▶ Recorded data:

'''

Lemma sinh_sin_sq_ratio_le_scaled (a t m p : R) :
  1 <= a -> Rabs m < p -> a * (p + Rabs m) <= PI -> p + Rabs m < PI ->
  sinh_sin_sq t m * sinh_sin_sq (a * t) (a * p)
  <= sinh_sin_sq (a * t) (a * m) * sinh_sin_sq t p.
Proof.
  intros Ha Hmp Hap Hp.
  rewrite <- (sinh_sin_sq_abs_l t m), <- (sinh_sin_sq_abs_l t p),
    <- (sinh_sin_sq_abs_l (a * t) (a * p)), <- (sinh_sin_sq_abs_l (a * t) (a * m)),
    <- (sinh_sin_sq_abs_r _ m), <- (sinh_sin_sq_abs_r _ (a * m)), !Rabs_mult,
    (Rabs_pos_eq a) by lra.
  assert (Ht := Rabs_pos t). assert (Hm := Rabs_pos m).
  set (t' := Rabs t) in *. set (m' := Rabs m) in *. clearbody t' m'.
  unfold sinh_sin_sq.
  assert (HX := mul_sinh_sq_le a t' Ha Ht).
  assert (Hdiff := sin_sq_sub_mul_le a m' p Ha ltac:(lra) Hap).
  assert (Hpm : sin m' ^ 2 <= sin p ^ 2).
  { enough (0 <= sin p ^ 2 - sin m' ^ 2) by lra. rewrite sin_sq_sub_sin_sq.
    apply Rmult_le_pos; apply sin_ge_0; lra. }
  assert (Hcross : sin (a * p) ^ 2 * sin m' ^ 2 <= sin (a * m') ^ 2 * sin p ^ 2).
  { destruct (Req_dec m' 0) as [->|Hm0]; [rewrite sin_0; nra|].
    assert (H := sin_mul_ratio_antitone a m' p Ha ltac:(lra) ltac:(lra) ltac:(nra) ltac:(lra)).
    assert (0 <= sin m') by (apply sin_ge_0; lra).
    assert (0 <= sin (a * p)) by (apply sin_ge_0; nra).
    replace (sin (a * p) ^ 2 * sin m' ^ 2) with ((sin (a * p) * sin m') ^ 2) by ring.
    replace (sin (a * m') ^ 2 * sin p ^ 2) with ((sin (a * m') * sin p) ^ 2) by ring.
    apply pow_incr. nra. }
  assert (sinh t' ^ 2 * (sin (a * p) ^ 2 - sin (a * m') ^ 2)
          <= sinh (a * t') ^ 2 * (sin p ^ 2 - sin m' ^ 2)).
  { apply Rle_trans with (sinh t' ^ 2 * (a ^ 2 * (sin p ^ 2 - sin m' ^ 2)));
      [apply Rmult_le_compat_l; nra|].
    rewrite <- Rmult_assoc. apply Rmult_le_compat_r; nra. }
  lra.
Qed.

Lemma sinh_sq_mul_scaled_le (a t m : R) : 1 <= a -> 0 <= t -> 0 <= m -> a * m <= PI ->
  sinh t ^ 2 * sinh_sin_sq (a * t) (a * m) <= sinh (a * t) ^ 2 * sinh_sin_sq t m.
Proof.
  intros Ha Ht Hm Ham. unfold sinh_sin_sq.
  assert (HX := mul_sinh_sq_le a t Ha Ht).
  assert (sin (a * m) <= a * sin m) by (apply sin_mul_le; nra).
  assert (0 <= sin (a * m)) by (apply sin_ge_0; nra).
  assert (sin (a * m) ^ 2 <= a ^ 2 * sin m ^ 2).
  { replace (a ^ 2 * sin m ^ 2) with ((a * sin m) ^ 2) by ring. apply pow_incr. lra. }
  assert (0 <= sinh t ^ 2) by nra. assert (0 <= sin m ^ 2) by nra.
  nra.
Qed.

Lemma PI_div_ge_1 (theta : R) : 0 < theta < PI -> 1 <= PI / theta.
Proof. intros Hth. apply (Rmult_le_reg_r theta); [lra|]. field_simplify; lra. Qed.

Section Upper_comparison.

Variable theta : R.
Hypothesis Htheta : 0 < theta < PI.

Let a := PI / theta.

Let a_ge_1 : 1 <= a := PI_div_ge_1 theta Htheta.

Let a_mul_half : a * (theta / 2) = PI / 2.
Proof. unfold a. field. lra. Qed.
Definition a1 {R : realType} (c1 c3 : R) : R :=
  2 * pi * c3 * ((2 * c1) / (c1 + c3)).
Definition a2 {R : realType} (c1 c3 : R) : R :=
  2 * pi * c3 * ((c1 - c3) / (c1 + c3)).
Definition a5 {R : realType} (c3 c5 : R) : R := (2 * c5) / (c5 + c3).

Definition matA {R : realType} (a0 a1 a2 a5 r2 r4 : R) : 'M[R]_3 :=
  mx3 (- (a1 * r2)) 0 (a1 * a0)
      0 (- ((a1 - a2) * r4 * a5)) 0
      0 0 (-1).
Definition matB {R : realType} (a0 a1 a2 a5 r2 r4 : R) : 'M[R]_3 :=
  mx3 0 0 0
      (- (a5 * a1 * r2)) 0 (a2 * a0 * a5)
      0 (- (a5 * r4 / a0)) 0.
Definition matC {R : realType} (a0 a1 a2 a5 r2 r4 : R) : 'M[R]_3 :=
  mx3 0 0 0
      0 0 0
      (- (a1 * r2 * (a5 - 1) / ((a1 - a2) * a0))) 0 (a2 * (a5 - 1) / (a1 - a2)).

Definition matE {R : realType} (eps : R) : 'M[R]_3 :=
  mx3 1 0 0  0 1 0  0 0 eps.

Definition cmx {R : realType} (M : 'M[R]_3) : 'M[R[i]]_3 := map_mx (fun x => x%:C) M.

Definition Delta {R : realType} (a0 a1 a2 a5 r2 r4 tau eps : R) (s : R[i])
  : 'M[R[i]]_3 :=
  s *: cmx (matE eps) - cmx (matA a0 a1 a2 a5 r2 r4)
  - cexp (- (tau%:C * s)) *: cmx (matB a0 a1 a2 a5 r2 r4)
  - cexp (- ((2 * tau)%:C * s)) *: cmx (matC a0 a1 a2 a5 r2 r4).

Definition chardet {R : realType} (a0 a1 a2 a5 r2 r4 tau eps : R) (s : R[i])
  : R[i] := \det (Delta a0 a1 a2 a5 r2 r4 tau eps s).
(* Let $\tau_1,\tau_c,\tau_s>0$ with $\tau_1+\tau_c+\tau_s=1$ and $1\gg\tau_c/\tau_1>\tau_s/\tau_1>0$. Let $$\eta_uA^{(u)}=\begin{bmatrix}a&2\tau_1\tau_s&2\tau_1\tau_c&2\tau_c\tau_s&0&0\\2\tau_1\tau_s&a&2\tau_c\tau_s&2\tau_1\tau_c&0&0\\2\tau_1\tau_c&2\tau_c\tau_s&a&2\tau_1\tau_s&0&0\\2\tau_c\tau_s&2\tau_1\tau_c&2\tau_1\tau_s&a&0&0\\0&0&0&0&2\tau_1^2&2\tau_1^2\\0&0&0&0&2\tau_1^2&2\tau_1^2\end{bmatrix},\quad a=\tau_1^2+\tau_s^2+\tau_c^2,$$ let $D^{(u)}$ be the diagonal matrix of row sums of $\eta_uA^{(u)}$, and let $\lambda_1^{(u)}\ge\lambda_2^{(u)}\ge\lambda_3^{(u)}$ be the three largest eigenvalues of $D^{(u)-1/2}(\eta_uA^{(u)})D^{(u)-1/2}$ with eigenvectors $v_1^{(u)},v_2^{(u)},v_3^{(u)}$. Set $\hat\lambda_1^{(u)}=1,\ \hat\lambda_2^{(u)}=1,\ \hat\lambda_3^{(u)}=1-4\frac{\tau_s}{\tau_1}$ and $\hat v_1^{(u)}=[0,0,0,0,1,1]$, $\hat v_2^{(u)}=[1,1,1,1,0,0]$, $\hat v_3^{(u)}=[1,-1,1,-1,0,0]$. Then for $i\in\{1,2,3\}$, $|\lambda_i^{(u)}-\hat\lambda_i^{(u)}|\le O((\tau_c/\tau_1)^2)$, and $\|\sin(U^{(u)},\hat U^{(u)})\|_F\le O\big(\frac{\tau_c^2}{\tau_1(\tau_c-\tau_s)}\big)$, where $U^{(u)}=[v_1^{(u)},v_2^{(u)},v_3^{(u)}]$ and $\hat U^{(u)}=[\hat v_1^{(u)},\hat v_2^{(u)},\hat v_3^{(u)}]$.
   Context: $\sin(U,\hat U)$ denotes the matrix of sines of the principal angles between the column spaces of $U$ and $\hat U$ (subspace distance between matrices with orthonormalized columns). The $O(\cdot)$ bounds refer to the regime $\tau_c/\tau_1\to0$. *)

From HB Require Import structures.
From mathcomp Require Import all_boot all_order all_algebra.
Set Implicit Arguments. Unset Strict Implicit. Unset Printing Implicit Defensive.
Import Order.TTheory GRing.Theory Num.Theory.
Local Open Scope ring_scope.
(* Let $\mathbf{X}$ be $\mathbb{R}P^n$ with $G_{\mathbf{X}} = \mathrm{PGL}(n+1,\mathbb{R})$ ($n\ge 2$), or $\mathrm{Ein}^{p,q}$ with $G_{\mathbf{X}}=\mathrm{PO}(p+1,q+1)$ ($\min(p,q)\ge 2$), and fix a Riemannian metric on $\mathbf{X}$. Let $(g_k)$ be a sequence in $G_{\mathbf{X}}$, $(T_k)$ a sequence of positive numbers with $T_k\to\infty$, and $x \in \mathbf{X}$ such that: (1) for every sequence $x_k\rightarrow x$, we have $g_k x_k \rightarrow x$; (2) for every non-zero $v \in T_{x}\mathbf{X}$, $\frac{1}{T_k} \log \|D_{x}g_k v\| \rightarrow -1$. Then, up to passing to a subsequence, there exists an open set $W_{\max} \ni x$ which is an affine chart domain (the complement of a projective hyperplane) if $\mathbf{X} = \mathbb{R}P^n$, or a Minkowski patch if $\mathbf{X} = \mathrm{Ein}^{p,q}$, such that for every compact subset $K \subset W_{\max}$, $g_kK \rightarrow \{x\}$ for the Hausdorff topology.
   Context: $\mathrm{Ein}^{p,q}$ is the set of isotropic lines of $\mathbb{R}^{p+1,q+1}$ with the induced conformal structure; a Minkowski patch of $\mathrm{Ein}^{p,q}$ is $M_y=\{[w]:B(v,w)\neq0\}$ for an isotropic vector $v$, $y=[v]$, where $B$ is the bilinear form of signature $(p+1,q+1)$. *)

From Stdlib Require Export Reals.
Open Scope R_scope.

(* Vectors of R^N are functions nat -> R (only coordinates 0..N-1 matter),
   matrices are functions nat -> nat -> R. *)
Definition Vec := nat -> R.
Definition Mat := nat -> nat -> R.

Fixpoint sumN (n : nat) (f : nat -> R) : R :=
  match n with O => 0 | S m => sumN m f + f m end.

Definition dot (N : nat) (u v : Vec) : R := sumN N (fun i => u i * v i).
Definition vnorm (N : nat) (u : Vec) : R := sqrt (dot N u u).
Definition nonzero (N : nat) (u : Vec) : Prop := exists i, (i < N)%nat /\ u i <> 0.
Definition mv (N : nat) (A : Mat) (u : Vec) : Vec :=
  fun i => sumN N (fun j => A i j * u j).
Definition mm (N : nat) (A B : Mat) : Mat :=
  fun i j => sumN N (fun l => A i l * B l j).
Definition idm : Mat := fun i j => if Nat.eqb i j then 1 else 0.
Definition invertible (N : nat) (A : Mat) : Prop :=
  exists B : Mat, forall i j, (i < N)%nat -> (j < N)%nat ->
    mm N A B i j = idm i j /\ mm N B A i j = idm i j.

Definition qform (p q : nat) (u v : Vec) : R :=
  sumN (p + 1) (fun i => u i * v i)
  - sumN (q + 1) (fun i => u (p + 1 + i)%nat * v (p + 1 + i)%nat).

(* The model spaces: RP^n, and Ein^{p,q} (isotropic lines in R^{p+1,q+1}). *)
Inductive model := RPn (n : nat) | Ein (p q : nat).

Definition mdim (X : model) : nat :=
  match X with RPn n => S n | Ein p q => (p + q + 2)%nat end.

Definition admissible (X : model) : Prop :=
  match X with RPn n => (2 <= n)%nat | Ein p q => (2 <= p)%nat /\ (2 <= q)%nat end.

(* u (a nonzero vector) represents a point [u] of X *)
Definition is_point (X : model) (u : Vec) : Prop :=
  nonzero (mdim X) u /\
  match X with RPn _ => True | Ein p q => qform p q u u = 0 end.

(* A matrix representing an element of G_X: PGL(n+1,R), resp. PO(p+1,q+1)
   (every element of these groups lifts to such a matrix, and the action on
   X is the induced action on lines). *)
Definition in_group (X : model) (A : Mat) : Prop :=
  invertible (mdim X) A /\
  match X with
  | RPn _ => True
  | Ein p q => forall u v, qform p q (mv (mdim X) A u) (mv (mdim X) A v) = qform p q u v
  end.

(* Fixed Riemannian metric: the round metric of RP^{N-1} (quotient of the unit
   sphere), restricted to Ein^{p,q} in the second case.  Its distance function
   is the sine of the angle between lines (chordal metric on lines). *)
Definition pdist (N : nat) (u v : Vec) : R :=
  sqrt (1 - (dot N u v) ^ 2 / (dot N u u * dot N v v)).

Definition pconv (X : model) (xs : nat -> Vec) (x : Vec) : Prop :=
  Un_cv (fun k => pdist (mdim X) (xs k) x) 0.

(* Tangent vectors at [u]: the vector v (with <u,v> = 0) represents the tangent
   vector d/dt [u + t v] at t = 0.  For Ein also B(u,v) = 0. *)
Definition is_tangent (X : model) (u v : Vec) : Prop :=
  nonzero (mdim X) v /\ dot (mdim X) u v = 0 /\
  match X with RPn _ => True | Ein p q => qform p q u v = 0 end.

(* Round-metric norm of D_{[u]} g (v), g represented by A:
   it is the norm of d/dt [A u + t A v] at t = 0. *)
Definition dnorm (N : nat) (A : Mat) (u v : Vec) : R :=
  let Au := mv N A u in
  let Av := mv N A v in
  vnorm N (fun i => Av i - (dot N Av Au / dot N Au Au) * Au i) / vnorm N Au.

(* Admissible "centers" of charts: a nonzero linear form a (affine chart
   {[w] : <a,w> <> 0}, complement of a projective hyperplane) for RP^n;
   an isotropic nonzero vector a (Minkowski patch {[w] : B(a,w) <> 0}) for Ein. *)
Definition chart_center (X : model) (a : Vec) : Prop :=
  match X with RPn _ => nonzero (mdim X) a | Ein _ _ => is_point X a end.

Definition in_chart (X : model) (a w : Vec) : Prop :=
  is_point X w /\
  match X with RPn _ => dot (mdim X) a w <> 0 | Ein p q => qform p q a w <> 0 end.

Definition strict_incr (phi : nat -> nat) : Prop := forall k, (phi k < phi (S k))%nat.

(* compact subsets of X (metric space), as (sequential) compactness *)
Definition compactX (X : model) (K : Vec -> Prop) : Prop :=
  (forall y, K y -> is_point X y) /\
  forall ys : nat -> Vec, (forall k, K (ys k)) ->
    exists phi y, strict_incr phi /\ K y /\ pconv X (fun k => ys (phi k)) y.

Definition hconv_point (X : model) (S : nat -> Vec -> Prop) (x : Vec) : Prop :=
  forall eps, 0 < eps -> exists N0, forall k, (N0 <= k)%nat ->
    (forall z, S k z -> pdist (mdim X) z x < eps) /\
    (exists z, S k z /\ pdist (mdim X) z x < eps).

(* Normalise g_k so that G_k := g_k / |g_k x| sends x to a unit vector u_k, and split
   G_k y = <a_k, y> u_k + F_k y with F_k y orthogonal to u_k; for a tangent vector v,
   |F_k v| is the norm of D_x g_k v.  Hypothesis (2) makes F_k tend to 0 on tangent vectors, and
   hypothesis (1) forces u_k -> x and, applied to the points x - v / <u_k, G_k v> of a
   projective line through x (sent by g_k orthogonally to u_k), keeps the radial parts
   <u_k, G_k v> bounded.  Once every column of G_k is bounded and F_k -> 0 on all of R^N, a
   subsequence of a_k converges to some a with <a, x> = 1, and on a compact set where
   <a, y> <> 0 the u_k-component of G_k y dominates, so g_k y -> x uniformly.
   In RP^n every direction is tangent or radial.  In Ein^{p,q} the remaining direction J x
   is controlled through g_k^-1 = J g_k^T J; the same identity shows that every a_k, hence a,
   is B-isotropic after applying J, so {<a, y> <> 0} is the Minkowski patch of [J a]. *)

From Pilot Require Import Defs.
From Stdlib Require Import Reals Lra Lia Psatz FunctionalExtensionality.
From Stdlib Require Import Classical ClassicalEpsilon.
Open Scope R_scope.

Lemma sumN_ext n f g : (forall i, (i < n)%nat -> f i = g i) -> sumN n f = sumN n g.
Proof.
  induction n as [|n IH]; simpl; intros H; [reflexivity|].
  rewrite IH, H; [reflexivity|lia|intros; apply H; lia].
Qed.

Lemma sumN_plus n f g : sumN n (fun i => f i + g i) = sumN n f + sumN n g.
Proof. induction n; simpl; [lra|]. rewrite IHn; lra. Qed.

Lemma sumN_minus n f g : sumN n (fun i => f i - g i) = sumN n f - sumN n g.
Proof. induction n; simpl; [lra|]. rewrite IHn; lra. Qed.

Lemma sumN_scal_l n c f : sumN n (fun i => c * f i) = c * sumN n f.
Proof. induction n; simpl; [lra|]. rewrite IHn; lra. Qed.

Lemma sumN_scal_r n c f : sumN n (fun i => f i * c) = sumN n f * c.
Proof. induction n; simpl; [lra|]. rewrite IHn; lra. Qed.

Lemma sumN_zero n f : (forall i, (i < n)%nat -> f i = 0) -> sumN n f = 0.
Proof.
  induction n as [|n IH]; simpl; intros H; [reflexivity|].
  rewrite IH, H; [ring|lia|intros; apply H; lia].
Qed.

Lemma sumN_le n f g : (forall i, (i < n)%nat -> f i <= g i) -> sumN n f <= sumN n g.
Proof.
  induction n as [|n IH]; simpl; intros H; [lra|].
  apply Rplus_le_compat; [apply IH; intros; apply H|apply H]; lia.
Qed.

Lemma sumN_nonneg n f : (forall i, (i < n)%nat -> 0 <= f i) -> 0 <= sumN n f.
Proof.
  intros H. rewrite <- (sumN_zero n (fun _ => 0)) by reflexivity. now apply sumN_le.
Qed.

Lemma sumN_split n m f : sumN (n + m) f = sumN n f + sumN m (fun i => f (n + i)%nat).
Proof.
  induction m as [|m IH]; simpl.
  - rewrite Nat.add_0_r; lra.
  - rewrite Nat.add_succ_r. simpl. rewrite IH. lra.
Qed.

Lemma sumN_swap n m (F : nat -> nat -> R) :
  sumN n (fun i => sumN m (F i)) = sumN m (fun j => sumN n (fun i => F i j)).
Proof.
  induction n as [|n IH]; simpl.
  - symmetry. now apply sumN_zero.
  - rewrite IH, <- sumN_plus. reflexivity.
Qed.

Lemma sumN_single n k f :
  (k < n)%nat -> (forall i, (i < n)%nat -> i <> k -> f i = 0) -> sumN n f = f k.
Proof.
  induction n as [|n IH]; intros Hk H; [lia|]. simpl.
  destruct (Nat.eq_dec k n) as [->|Hne].
  - rewrite sumN_zero; [lra|]. intros; apply H; lia.
  - rewrite IH, (H n) by (try lia; intros; apply H; lia). lra.
Qed.

Lemma sumN_term_le n f k :
  (forall i, (i < n)%nat -> 0 <= f i) -> (k < n)%nat -> f k <= sumN n f.
Proof.
  induction n as [|n IH]; intros H Hk; [lia|]. simpl.
  assert (0 <= f n) by (apply H; lia).
  destruct (Nat.eq_dec k n) as [->|Hne].
  - assert (0 <= sumN n f) by (apply sumN_nonneg; intros; apply H; lia). lra.
  - assert (f k <= sumN n f) by (apply IH; [intros; apply H|]; lia). lra.
Qed.

Lemma Un_cv_const c : Un_cv (fun _ => c) c.
Proof. intros eps Heps. exists 0%nat. intros. unfold Rdist. now rewrite Rminus_diag, Rabs_R0. Qed.

Lemma sumN_limit n (F : nat -> nat -> R) (L : nat -> R) :
  (forall i, (i < n)%nat -> Un_cv (fun k => F k i) (L i)) ->
  Un_cv (fun k => sumN n (F k)) (sumN n L).
Proof.
  induction n as [|n IH]; simpl; intros H.
  - apply Un_cv_const.
  - apply CV_plus; [apply IH; intros|]; apply H; lia.
Qed.

Definition vadd (u v : Vec) : Vec := fun i => u i + v i.
Definition vsub (u v : Vec) : Vec := fun i => u i - v i.
Definition vscal (c : R) (u : Vec) : Vec := fun i => c * u i.
Definition ev (k : nat) : Vec := fun i => if Nat.eqb i k then 1 else 0.
Definition vsum (n : nat) (F : nat -> Vec) : Vec := fun i => sumN n (fun j => F j i).

Lemma Rabs_le_sq d a : 0 <= a -> d * d <= a * a -> Rabs d <= a.
Proof. intros Ha H. unfold Rabs; destruct (Rcase_abs d); nra. Qed.

Section Vectors.
Variable N : nat.

Lemma dot_ext u u' v v' :
  (forall i, (i < N)%nat -> u i = u' i) -> (forall i, (i < N)%nat -> v i = v' i) ->
  dot N u v = dot N u' v'.
Proof. intros Hu Hv. apply sumN_ext. intros i Hi. now rewrite Hu, Hv. Qed.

'''

Using the records above, write out exactly the lines between the one holding "Lemma sumN_term_le n" and the one holding "Lemma Un_cv_const c : Un_cv (fun _ => c) c.", inclusive; leave everything else out.

Lemma sumN_term_le n f k :
  (forall i, (i < n)%nat -> 0 <= f i) -> (k < n)%nat -> f k <= sumN n f.
Proof.
  induction n as [|n IH]; intros H Hk; [lia|]. simpl.
  assert (0 <= f n) by (apply H; lia).
  destruct (Nat.eq_dec k n) as [->|Hne].
  - assert (0 <= sumN n f) by (apply sumN_nonneg; intros; apply H; lia). lra.
  - assert (f k <= sumN n f) by (apply IH; [intros; apply H|]; lia). lra.
Qed.

Lemma Un_cv_const c : Un_cv (fun _ => c) c.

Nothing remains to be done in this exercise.